Hello everyone,
i want to do a cross-validation with 10-folds on regression task ,
so i need to do a thing like stratifiedKFolds in classification .
I want to split my data wich contains 262 subjects into two part (train_index and test_index) , so to have the same distribution(uniform) in train and test (like stratifiedKFolds), I want to do this 100 times , each one contains 10 folds. and take the best one.(that have the best uniform distribution).
X of shape(170000,262)
Y of shape(262,1) ((y in [-3,8]))
Can you help me to do this , please and thank you very much?
Hello,
Stratifying helps having balanced classification problem (with classes proportion in each fold that are in line with the complete dataset) but usually every regression target is equivalent a priori so you can’t stratify it unless you build some custom categories or you have additional information on your subjects.

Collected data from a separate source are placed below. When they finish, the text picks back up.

Lemma almost_bounded_partial_sums [T K] y [a] : 0 <= K -> almost_bounded T K ->
  0 < a -> rnorm y <= a ->
  exists S : nat -> U, [/\ S 0%N = 0,
    forall n, rnorm (T (S n.+1) - T (S n)) <= K * a * halfpow n &
    forall n, rnorm (y - S n) <= a * halfpow n].
Proof.
move=> K_ge0 TK a_gt0 ya.
have pick (p : U * nat) : exists g,
    rnorm (T g) <= K * rnorm p.1 /\ rnorm (p.1 - g) < a * halfpow p.2.+1.
  have [g Tg pg] := TK p.1 _ (mulr_gt0 a_gt0 (halfpow_gt0 p.2.+1)).
  by exists g.
have [next nextP] := choice pick.
pose fix S n := if n is n'.+1 then S n' + next (y - S n', n') else 0.
have stepS n := nextP (y - S n, n).
have yS n : rnorm (y - S n) <= a * halfpow n.
  case: n => [|n]; first by rewrite subr0 halfpow0 mulr1.
  by have [_ /ltW] := stepS n; rewrite /= opprD addrA.
exists S; split => // n; rewrite -linearB /= addrC addKr.
have [Tn _] := stepS n; apply: le_trans Tn _.
by rewrite /= -mulrA ler_wpM2l // yS.
Qed.

Theorem closed_graph_bounded [T] : graph_seq_closed T ->
  exists K, forall x, rnorm (T x) <= K * rnorm x.
Proof.
move=> Tclosed.
have cover g : exists n, [set g | rnorm (T g) <= n%:R] g.
  by exists (Num.truncn (rnorm (T g))).+1; apply/ltW/truncnS_gt.
have [n [x0 [r [r_gt0 dense]]]] := baire_dense_ball cover.
have [K K_ge0 TK] := dense_ball_almost_bounded r_gt0 dense.
exists (2 * K) => y.
have [->|y_neq0] := eqVneq y 0; first by rewrite linear0 !rnorm0 mulr0.
have y_gt0 : 0 < rnorm y by rewrite rnorm_gt0.
have [S [S0 TS yS]] := almost_bounded_partial_sums y K_ge0 TK y_gt0 (lexx _).
have TSl : T \o S @ \oo --> limn (T \o S) := halfpow_cauchy_cvg TS.
rewrite -(Tclosed _ _ _ (cvg_halfpow yS) TSl) -[limn _]subr0 -(linear0 T) -S0.
apply: (cvg_rnorm_le _ _ 0 TSl) => m _.
apply: le_trans (rnorm_telescope_le TS (leq0n m)) _.
rewrite halfpow0; have := halfpow_gt0 (R:=R) m; have := mulr_ge0 K_ge0 (ltW y_gt0).
by nra.
Qed.

End ClosedGraph.

Section LinearEquations.
Context {K : pzRingType} {U V W : lmodType K}.

Lemma linear_solution [C : {linear V -> W}] [B : {linear U -> W}] :
  injective C -> range B `<=` range C ->
  exists T : {linear U -> V}, forall g, C (T g) = B g.
Proof.
move=> Cinj BC.
have pick g : exists f, C f = B g.
  have [f _ Cf] : range C (B g) by apply: BC; exists g.
  by exists f.
have [T CT] := choice pick.
have Tlin : linear T.
  by move=> a g h; apply: Cinj; rewrite linearP !CT linearP.
pose Tl : {linear U -> V} := HB.pack T (GRing.isLinear.Build _ _ _ _ T Tlin).
by exists Tl.
Qed.

Lemma solution_graphE (C : V -> W) (B : U -> W) (T : U -> V) :
  injective C -> (forall g, C (T g) = B g) -> forall g f, C f = B g <-> f = T g.
Proof. by move=> Cinj CT g f; split => [|->//]; rewrite -CT => /Cinj. Qed.

Lemma graph_ker_range (C : {linear V -> W}) (B : {linear U -> W}) (T : U -> V) :
  (forall g f, C f = B g <-> f = T g) ->
  [set x | C x = 0] = [set 0] /\ range B `<=` range C.
Proof.
move=> CBT; split; last by move=> _ [g _ <-]; exists (T g) => //; apply/(CBT g).
have T0 : 0 = T 0 by apply/(CBT 0 0); rewrite !linear0.
apply/seteqP; split => x /=; last by move=> ->; rewrite linear0.
by rewrite -(linear0 B) => /(CBT 0 x) ->.
Qed.

End LinearEquations.

Lemma solution_graph_seq_closed {K : numFieldType} {U V W : normedModType K}
    [C : V -> W] [B : U -> W] [T : U -> V] :
  continuous C -> continuous B -> injective C -> (forall g, C (T g) = B g) ->
  graph_seq_closed T.
Proof.
move=> Ccont Bcont Cinj CT u y h uy Tuh; apply: Cinj; rewrite CT.
have CTu : C \o (T \o u) @ \oo --> C h by apply: cvg_comp Tuh (Ccont h).
have Bu : B \o u @ \oo --> B y by apply: cvg_comp uy (Bcont y).
have CTuE : C \o (T \o u) = B \o u by apply: funext => n /=; rewrite CT.
by rewrite CTuE in CTu; exact: cvg_unique CTu Bu.
Qed.

Lemma rel_inv_sub_kernelE {R : realType} {V : normedModType R[i]}
    (A B Rop : {linear V -> V}) g f :
  rel_inv (rel_sub_op (linrel_kernel_rel A B) Rop) (g, f) <-> A f - B (Rop f) = B g.
Proof.
split => [[f0 [f' [/= Af [-> ->]]]]|CfBg]; first by rewrite linearB /= Af.
by exists f, (g + Rop f); split;
  [rewrite /linrel_kernel_rel /= linearD -CfBg subrK | rewrite /= addrK].
Qed.

Theorem lemmaA1 (R : realType) (G : completeNormedModType R[i])
    (ip : G -> G -> R[i]) (Hip : is_inner_product ip)
    (A B Rop : {linear G -> G})
    (hA : bounded_op A) (hB : bounded_op B) (hR : bounded_op Rop)
    (hclosed : closed (linrel_kernel_rel A B)) :
  (exists T : {linear G -> G},
      bounded_op T /\
      rel_inv (rel_sub_op (linrel_kernel_rel A B) Rop) = op_graph T)
  <->
  ([set x | A x - B (Rop x) = 0] = [set 0] /\
   range B `<=` range (fun x => A x - B (Rop x))).
Proof.
pose C : {linear G -> G} := A \- (B \o Rop).
have relE g f := rel_inv_sub_kernelE A B Rop g f : _ <-> C f = B g.
split => [[T [_ graphT]] | [kerC ranB]].
  by apply: (graph_ker_range C B T) => g f; rewrite -relE graphT.
have Cinj : injective C.
  by apply: raddf_inj => x Cx0; have : [set x | C x = 0] x := Cx0; rewrite kerC.
have [T CT] := linear_solution Cinj ranB.
have Bcont := bounded_op_continuous hB.
have Ccont : continuous C.
  move=> x; apply: continuousB; first exact: bounded_op_continuous.
  by apply: continuous_comp; [exact: bounded_op_continuous | exact: Bcont].
have [K TK] := closed_graph_bounded (solution_graph_seq_closed Ccont Bcont Cinj CT).
exists T; split; first exact: bounded_op_rnorm TK.
by apply/funext => -[g f]; apply/propext; rewrite relE; exact: solution_graphE.
Qed.
(* Let $\mathbb{X}$ be a real reflexive Banach space and $\mathbb{Y}$ a real normed space, $\epsilon\in[0,1)$, and $T,A\in\mathbb{K}(\mathbb{X},\mathbb{Y})$. Suppose $M_T=D\cup(-D)$, where $D$ is a nonempty compact connected subset of $S_{\mathbb{X}}$. Then $T\perp_B^{\epsilon}A$ if and only if there exists $x\in M_T$ such that $\|Tx+\lambda Ax\|^2\ge\|T\|^2-2\epsilon\|T\|\|\lambda A\|$ for all $\lambda\in\mathbb{R}$. Moreover, if in addition $M_T\subseteq M_A$, then $T\perp_B^{\epsilon}A$ if and only if there exists $x\in M_T$ with $Tx\perp_B^{\epsilon}Ax$.
   Context: $\mathbb{K}(\mathbb{X},\mathbb{Y})$ is the space of compact linear operators from $\mathbb{X}$ to $\mathbb{Y}$ with the operator norm. $S_{\mathbb{X}}$ is the unit sphere of $\mathbb{X}$; $M_T=\{x\in S_{\mathbb{X}}:\|Tx\|=\|T\|\}$. For $\epsilon\in[0,1)$ and $u,v$ in a normed space, $u\perp_B^{\epsilon}v$ means $\|u+\lambda v\|^2\ge\|u\|^2-2\epsilon\|u\|\|\lambda v\|$ for all $\lambda\in\mathbb{R}$. *)

From Stdlib Require Import Reals Classical ClassicalEpsilon.
Open Scope R_scope.

Record NormedSpace := mkNormedSpace {
  ns_car :> Type;
  ns_zero : ns_car;
  ns_add : ns_car -> ns_car -> ns_car;
  ns_opp : ns_car -> ns_car;
  ns_scal : R -> ns_car -> ns_car;
  ns_norm : ns_car -> R;
  ns_add_assoc : forall x y z, ns_add x (ns_add y z) = ns_add (ns_add x y) z;
  ns_add_comm : forall x y, ns_add x y = ns_add y x;
  ns_add_0 : forall x, ns_add x ns_zero = x;
  ns_add_opp : forall x, ns_add x (ns_opp x) = ns_zero;
  ns_scal_assoc : forall a b x, ns_scal a (ns_scal b x) = ns_scal (a * b) x;
  ns_scal_1 : forall x, ns_scal 1 x = x;
  ns_scal_distr_l : forall a x y, ns_scal a (ns_add x y) = ns_add (ns_scal a x) (ns_scal a y);
  ns_scal_distr_r : forall a b x, ns_scal (a + b) x = ns_add (ns_scal a x) (ns_scal b x);
  ns_norm_eq0 : forall x, ns_norm x = 0 -> x = ns_zero;
  ns_norm_triangle : forall x y, ns_norm (ns_add x y) <= ns_norm x + ns_norm y;
  ns_norm_scal : forall a x, ns_norm (ns_scal a x) = Rabs a * ns_norm x
}.

Arguments ns_zero {_}.
Arguments ns_add {_} _ _.
Arguments ns_opp {_} _.
Arguments ns_scal {_} _ _.
Arguments ns_norm {_} _.

Definition ns_sub {X : NormedSpace} (x y : X) : X := ns_add x (ns_opp y).

Definition converges {X : NormedSpace} (u : nat -> X) (l : X) : Prop :=
  forall e, 0 < e -> exists N, forall n, (N <= n)%nat -> ns_norm (ns_sub (u n) l) < e.

Definition cauchy {X : NormedSpace} (u : nat -> X) : Prop :=
  forall e, 0 < e -> exists N, forall m n, (N <= m)%nat -> (N <= n)%nat ->
    ns_norm (ns_sub (u m) (u n)) < e.

Definition Banach (X : NormedSpace) : Prop :=
  forall u : nat -> X, cauchy u -> exists l, converges u l.

Definition strictly_increasing (phi : nat -> nat) : Prop :=
  forall n, (phi n < phi (S n))%nat.

(** Compact subset (metric space: sequential compactness). *)
Definition compact_set {X : NormedSpace} (K : X -> Prop) : Prop :=
  forall u : nat -> X, (forall n, K (u n)) ->
    exists phi l, strictly_increasing phi /\ K l /\ converges (fun n => u (phi n)) l.

Definition open_set {X : NormedSpace} (U : X -> Prop) : Prop :=
  forall x, U x -> exists r, 0 < r /\ forall y, ns_norm (ns_sub y x) < r -> U y.

(** Connected subset (in the subspace topology). *)
Definition connected_set {X : NormedSpace} (K : X -> Prop) : Prop :=
  forall U V : X -> Prop, open_set U -> open_set V ->
    (forall x, K x -> U x \/ V x) ->
    (exists x, K x /\ U x) -> (exists x, K x /\ V x) ->
    exists x, K x /\ U x /\ V x.

Definition linear_map {X Y : NormedSpace} (T : X -> Y) : Prop :=
  (forall x y, T (ns_add x y) = ns_add (T x) (T y)) /\
  (forall a x, T (ns_scal a x) = ns_scal a (T x)).

(** sup { nB (T x) : ||x|| <= 1 } (when this least upper bound exists). *)
Definition sup_norm {X : NormedSpace} {B : Type} (nB : B -> R) (T : X -> B) : R :=
  epsilon (inhabits 0)
    (fun c => is_lub (fun r => exists x : X, ns_norm x <= 1 /\ r = nB (T x)) c).

Definition opnorm {X Y : NormedSpace} (T : X -> Y) : R := sup_norm (@ns_norm Y) T.

(** Compact linear operator: images of bounded sequences have convergent
    subsequences (i.e. T maps the unit ball to a relatively compact set). *)
Definition compact_op {X Y : NormedSpace} (T : X -> Y) : Prop :=
  linear_map T /\
  forall u : nat -> X, (forall n, ns_norm (u n) <= 1) ->
    exists phi l, strictly_increasing phi /\ converges (fun n => T (u (phi n))) l.

(** Reflexivity: the canonical embedding X -> X** is onto.  Elements of X**
    are given by functions on (X -> R) that are linear and bounded on the
    bounded linear functionals (their values elsewhere are irrelevant). *)
Definition bounded_linear_functional {X : NormedSpace} (f : X -> R) : Prop :=
  ((forall x y, f (ns_add x y) = f x + f y) /\ (forall a x, f (ns_scal a x) = a * f x)) /\
  exists C, forall x, Rabs (f x) <= C * ns_norm x.

Definition dual_norm {X : NormedSpace} (f : X -> R) : R := sup_norm Rabs f.

Definition reflexive (X : NormedSpace) : Prop :=
  forall Phi : (X -> R) -> R,
    (forall f g, bounded_linear_functional f -> bounded_linear_functional g ->
       Phi (fun x => f x + g x) = Phi f + Phi g) ->
    (forall a f, bounded_linear_functional f -> Phi (fun x => a * f x) = a * Phi f) ->
    (exists C, forall f, bounded_linear_functional f -> Rabs (Phi f) <= C * dual_norm f) ->
    exists x0 : X, forall f, bounded_linear_functional f -> Phi f = f x0.

Definition M_set {X Y : NormedSpace} (T : X -> Y) (x : X) : Prop :=
  ns_norm x = 1 /\ ns_norm (T x) = opnorm T.

Definition bj_eps {V : Type} (add : V -> V -> V) (scal : R -> V -> V) (nrm : V -> R)
    (eps : R) (u v : V) : Prop :=
  forall lam : R, (nrm (add u (scal lam v)))^2 >= (nrm u)^2 - 2 * eps * nrm u * nrm (scal lam v).

Definition bj_vec {Y : NormedSpace} (eps : R) (u v : Y) : Prop :=
  bj_eps (@ns_add Y) (@ns_scal Y) (@ns_norm Y) eps u v.

Definition bj_op {X Y : NormedSpace} (eps : R) (T A : X -> Y) : Prop :=
  bj_eps (fun S1 S2 x => ns_add (S1 x) (S2 x)) (fun a S x => ns_scal a (S x))
         (@opnorm X Y) eps T A.

From Pilot Require Import Defs.
From Stdlib Require Import Reals Lra Lia Psatz Classical ClassicalEpsilon FunctionalExtensionality.
From mathcomp Require boolp classical_sets.
Open Scope R_scope.

(* If the inequality holds at a unit vector [x], it holds a fortiori for
   [|T + lam A| >= |(T + lam A) x|].  Conversely let [T ⊥_B^eps A] and [s = ±1].
   Take almost-maximizers [u_n] of [T + s r_n A] with [r_n -> 0]; compactness of
   [T] and [A] and reflexivity of [X] give a limit point [x] of [u_n] in [M_T] with
   [T u_n -> T x] and [A u_n -> A x] along a subsequence.  If the inequality failed
   at [x] for some [lam = s mu], [mu > 0], convexity of [r |-> |T x + s r A x|]
   would make it fail by a margin of order [r] for all small [r], and this would
   contradict [T ⊥_B^eps A] at [lam = s r_n].  So each half-line is served by some
   point of [M_T], hence (the inequality being even in [x]) of [D].  At every point
   of [M_T] the inequality holds on at least one half-line, again by convexity and
   since it holds at [lam = 0].  The two sets of points of [D] serving each
   half-line are closed, cover [D] and are nonempty, so by connectedness some
   point serves both.  When [M_T ⊆ M_A], [|T| = |T x|] and [|lam A| = |lam A x|]
   turn the inequality at [x] into [T x ⊥_B^eps A x]. *)

(** * Hahn-Banach *)

(* Hahn-Banach is used both in a normed space and in the space of all real
   functions on [X] (containing its dual), hence this abstract setting. *)

Record vector_space := VectorSpace {
  vs_car :> Type;
  vs_zero : vs_car;
  vs_add : vs_car -> vs_car -> vs_car;
  vs_scal : R -> vs_car -> vs_car;
  vs_add_assoc : forall x y z, vs_add x (vs_add y z) = vs_add (vs_add x y) z;
  vs_add_comm : forall x y, vs_add x y = vs_add y x;
  vs_add_0 : forall x, vs_add x vs_zero = x;
  vs_add_opp : forall x, vs_add x (vs_scal (-1) x) = vs_zero;
  vs_scal_assoc : forall a b x, vs_scal a (vs_scal b x) = vs_scal (a * b) x;
  vs_scal_1 : forall x, vs_scal 1 x = x;
  vs_scal_distr_l : forall a x y, vs_scal a (vs_add x y) = vs_add (vs_scal a x) (vs_scal a y);
  vs_scal_distr_r : forall a b x, vs_scal (a + b) x = vs_add (vs_scal a x) (vs_scal b x)
}.

Arguments vs_zero {_}.
Arguments vs_add {_} _ _.
Arguments vs_scal {_} _ _.
Arguments vs_add_assoc {_} _ _ _.
Arguments vs_add_comm {_} _ _.
Arguments vs_add_0 {_} _.
Arguments vs_add_opp {_} _.
Arguments vs_scal_assoc {_} _ _ _.
Arguments vs_scal_1 {_} _.
Arguments vs_scal_distr_l {_} _ _ _.
Arguments vs_scal_distr_r {_} _ _ _.

Section VectorSpaceTheory.
Context {V : vector_space}.
Implicit Types x y z : V.

Lemma vs_scal0 x : vs_scal 0 x = vs_zero.
Proof.
  replace 0 with (1 + -1) by ring.
  rewrite vs_scal_distr_r, vs_scal_1. apply vs_add_opp.
Qed.

Lemma vs_0_add x : vs_add vs_zero x = x.
Proof. rewrite vs_add_comm. apply vs_add_0. Qed.

Lemma vs_add_cancel_l x y y' : vs_add x y = vs_add x y' -> y = y'.
Proof.
  intro E. apply (f_equal (vs_add (vs_scal (-1) x))) in E.
  rewrite !vs_add_assoc, (vs_add_comm _ x), vs_add_opp, !vs_0_add in E. exact E.
Qed.

Lemma vs_add_scal_collect x y z a b :
  vs_add (vs_add x (vs_scal a z)) (vs_add y (vs_scal b z)) =
  vs_add (vs_add x y) (vs_scal (a + b) z).
Proof.
  rewrite vs_scal_distr_r, <- !vs_add_assoc. f_equal.
  rewrite vs_add_assoc, (vs_add_comm (vs_scal a z) y), <- vs_add_assoc. reflexivity.
Qed.

Lemma vs_scal_add_scal x z k a :
  vs_scal k (vs_add x (vs_scal a z)) = vs_add (vs_scal k x) (vs_scal (k * a) z).
Proof. rewrite vs_scal_distr_l, vs_scal_assoc. reflexivity. Qed.

End VectorSpaceTheory.

Definition subspace {V : vector_space} (G : V -> Prop) : Prop :=
  G vs_zero /\ (forall x y, G x -> G y -> G (vs_add x y)) /\
  (forall a x, G x -> G (vs_scal a x)).

Definition linear_on {V : vector_space} (G : V -> Prop) (g : V -> R) : Prop :=
  (forall x y, G x -> G y -> g (vs_add x y) = g x + g y) /\
  (forall a x, G x -> g (vs_scal a x) = a * g x).

Definition sublinear_on {V : vector_space} (W : V -> Prop) (p : V -> R) : Prop :=
  (forall x y, W x -> W y -> p (vs_add x y) <= p x + p y) /\
  (forall a x, 0 < a -> W x -> p (vs_scal a x) = a * p x).

Section HahnBanach.
Variables (V : vector_space) (W W0 : V -> Prop) (p f0 : V -> R).
Hypotheses (HW : subspace W) (Hp : sublinear_on W p).

Definition dominated_extension (G : V -> Prop) (g : V -> R) : Prop :=
  subspace G /\ (forall x, G x -> W x) /\ (forall x, W0 x -> G x) /\ linear_on G g /\
  (forall x, W0 x -> g x = f0 x) /\ (forall x, G x -> g x <= p x).

(* The candidate values [c] of a dominated extension [g'] to [G + R z] at [z]. *)
Lemma extension_constant (G : V -> Prop) g (z : V) : dominated_extension G g -> W z ->
  exists c, (forall x, G x -> g x - p (vs_add x (vs_scal (-1) z)) <= c) /\
            (forall y, G y -> c <= p (vs_add y z) - g y).
Proof.
  intros ((HG0 & Gadd & _) & HGW & _ & [gadd _] & _ & Hdom) Wz.
  destruct HW as (_ & Wadd & Wscal).
  assert (key : forall x y, G x -> G y ->
            g x - p (vs_add x (vs_scal (-1) z)) <= p (vs_add y z) - g y).
  { intros x y Gx Gy.
    assert (E : vs_add (vs_add x (vs_scal (-1) z)) (vs_add y (vs_scal 1 z)) = vs_add x y).
    { rewrite vs_add_scal_collect. replace (-1 + 1) with 0 by ring.
      rewrite vs_scal0, vs_add_0. reflexivity. }
    rewrite vs_scal_1 in E.
    pose proof (proj1 Hp _ _ (Wadd _ _ (HGW x Gx) (Wscal (-1) z Wz))
                               (Wadd _ _ (HGW y Gy) Wz)) as Htri.
    rewrite E in Htri.
    pose proof (Hdom _ (Gadd x y Gx Gy)) as Hxy. rewrite gadd in Hxy by assumption.
    lra. }
  set (S := fun r => exists x, G x /\ r = g x - p (vs_add x (vs_scal (-1) z))).
  destruct (completeness S) as [c [cub club]].
  - exists (p (vs_add vs_zero z) - g vs_zero). intros r [x [Gx ->]]. auto.
  - exists (g vs_zero - p (vs_add vs_zero (vs_scal (-1) z))). exists vs_zero. auto.
  - exists c. split.
    + intros x Gx. apply cub. exists x. auto.
    + intros y Gy. apply club. intros r [x [Gx ->]]. auto.
Qed.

So you can simply use either Kfold or Shufflesplit that will split your dataset in train and test randomly as many times as you need.
- Use a bootstrap to quantify the 10, 20, … 90% quantiles for the outcome/response
- Use the quantile intervals to create your strata (10 strata).
- Now use this to create stratifiedKfolds
- Repeat for each cross-validation repetition. (ideally 5-fold or 10-fold CV should be repeated ~ 100 times).
Important to do Step 1 as a samples size of around 250 is probably not estimate perfectly accurate quantiles.
Thank you very much ,
how can i do this in python please, im a beginner with python please ?
and thank you very very much
@mnarayan
Use scikit-learn.model_selection module (just take a look at their doc, it’s easy to use).
Best,
Bertrand